■ TASK OBJECTIVE:
If a line in the records below contains the word "Cauchy", return that line.

[DATA TO USE Boundary: Start]

(* Write [zeta = z + a + S u(z)], so that [Phi u = - zeta^-1].  Since
   [Im (S u) >= 0] and [|S u| <= ||S|| / eta], one has [Im zeta >= eta] and
   [|zeta| <= (2 + ||S||) / eta], which are exactly the bounds making [-1/zeta]
   belong to [B_eta].  The map [zeta |-> -1/zeta] preserves [D], and
   [zeta_u - zeta_w = S (u - w)]; a Cauchy-Schwarz inequality for the positive
   kernel [s] turns the pointwise bound [|u - w|^2 <= K Im u Im w], with
   [K = sup D(u, w)], into [|S (u - w)|^2 <= K (S Im u) (S Im w)].  With
   [A = S Im u <= ||S|| / eta], [B = S Im w] and [Im z >= eta], this gives
   [D <= K A B / ((eta + A) (eta + B)) <= K (1 + eta^2 / ||S||)^-2].
   Existence and uniqueness then follow as in Banach's theorem, since [D]
   dominates [eta^2 |u - w|^2]: the iterates of [Phi] from the constant [i]
   converge geometrically. *)


Set Implicit Arguments.
Unset Strict Implicit.
Unset Printing Implicit Defensive.

Import Order.TTheory GRing.Theory Num.Theory.
Local Open Scope classical_set_scope.
Local Open Scope ring_scope.

Section RealInequalities.
Variable R : realType.
Implicit Types (x y t A B C K N q : R).

Lemma sqr_le_norm x y : 0 <= y -> x ^+ 2 <= y ^+ 2 -> `|x| <= y.
Proof. by move=> y0; rewrite -real_normK ?num_real // ler_pXn2r ?nnegrE. Qed.

Lemma ler_pdivM x y b c : 0 <= x -> x <= y -> 0 < b -> b <= c -> x / c <= y / b.
Proof.
move=> x0 xy b0 bc; have c0 : 0 < c := lt_le_trans b0 bc.
apply: ler_pM => //; first by rewrite invr_ge0 ltW.
by rewrite lef_pV2 ?posrE.
Qed.

(* Cauchy-Schwarz, then AM-GM with a free weight [t]. *)
Lemma dot_le_amgm c1 c2 d1 d2 N k g h t :
  0 <= N -> N ^+ 2 = c1 ^+ 2 + c2 ^+ 2 -> 0 <= k -> 0 <= g -> 0 <= h -> 0 < t ->
  d1 ^+ 2 + d2 ^+ 2 <= k ^+ 2 * g * h ->
  2 * t * (c1 * d1 + c2 * d2) <= N * k * (t ^+ 2 * g + h).
Proof.
move=> N0 NE k0 g0 h0 t0 hd.
apply: le_trans (ler_norm _) (sqr_le_norm _ _); first by rewrite !mulr_ge0 //; nra.
have cs : (c1 * d1 + c2 * d2) ^+ 2 <= N ^+ 2 * (d1 ^+ 2 + d2 ^+ 2).
  rewrite NE -subr_ge0.
  have -> : (c1 ^+ 2 + c2 ^+ 2) * (d1 ^+ 2 + d2 ^+ 2) - (c1 * d1 + c2 * d2) ^+ 2
    = (c1 * d2 - c2 * d1) ^+ 2 by ring.
  exact: sqr_ge0.
have amgm : 4 * t ^+ 2 * g * h <= (t ^+ 2 * g + h) ^+ 2.
  rewrite -subr_ge0.
  have -> : (t ^+ 2 * g + h) ^+ 2 - 4 * t ^+ 2 * g * h = (t ^+ 2 * g - h) ^+ 2 by ring.
  exact: sqr_ge0.
have h1 : (c1 * d1 + c2 * d2) ^+ 2 <= N ^+ 2 * (k ^+ 2 * g * h).
  by apply: le_trans cs _; apply: ler_wpM2l; rewrite ?sqr_ge0.
rewrite !exprMn (_ : 2 ^+ 2 = 4); last by rewrite expr2 -natrM.
apply: (@le_trans _ _ (4 * t ^+ 2 * (N ^+ 2 * (k ^+ 2 * g * h)))).
  by apply: ler_wpM2l => //; nra.
have -> : 4 * t ^+ 2 * (N ^+ 2 * (k ^+ 2 * g * h)) = N ^+ 2 * k ^+ 2 * (4 * t ^+ 2 * g * h).
  by ring.
by apply: ler_wpM2l; rewrite ?mulr_ge0 ?sqr_ge0.
Qed.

[DATA TO USE Boundary: End]

■ RESPONSE TO THE EXERCISE:
   [zeta_u - zeta_w = S (u - w)]; a Cauchy-Schwarz inequality for the positive
(* Cauchy-Schwarz, then AM-GM with a free weight [t]. *)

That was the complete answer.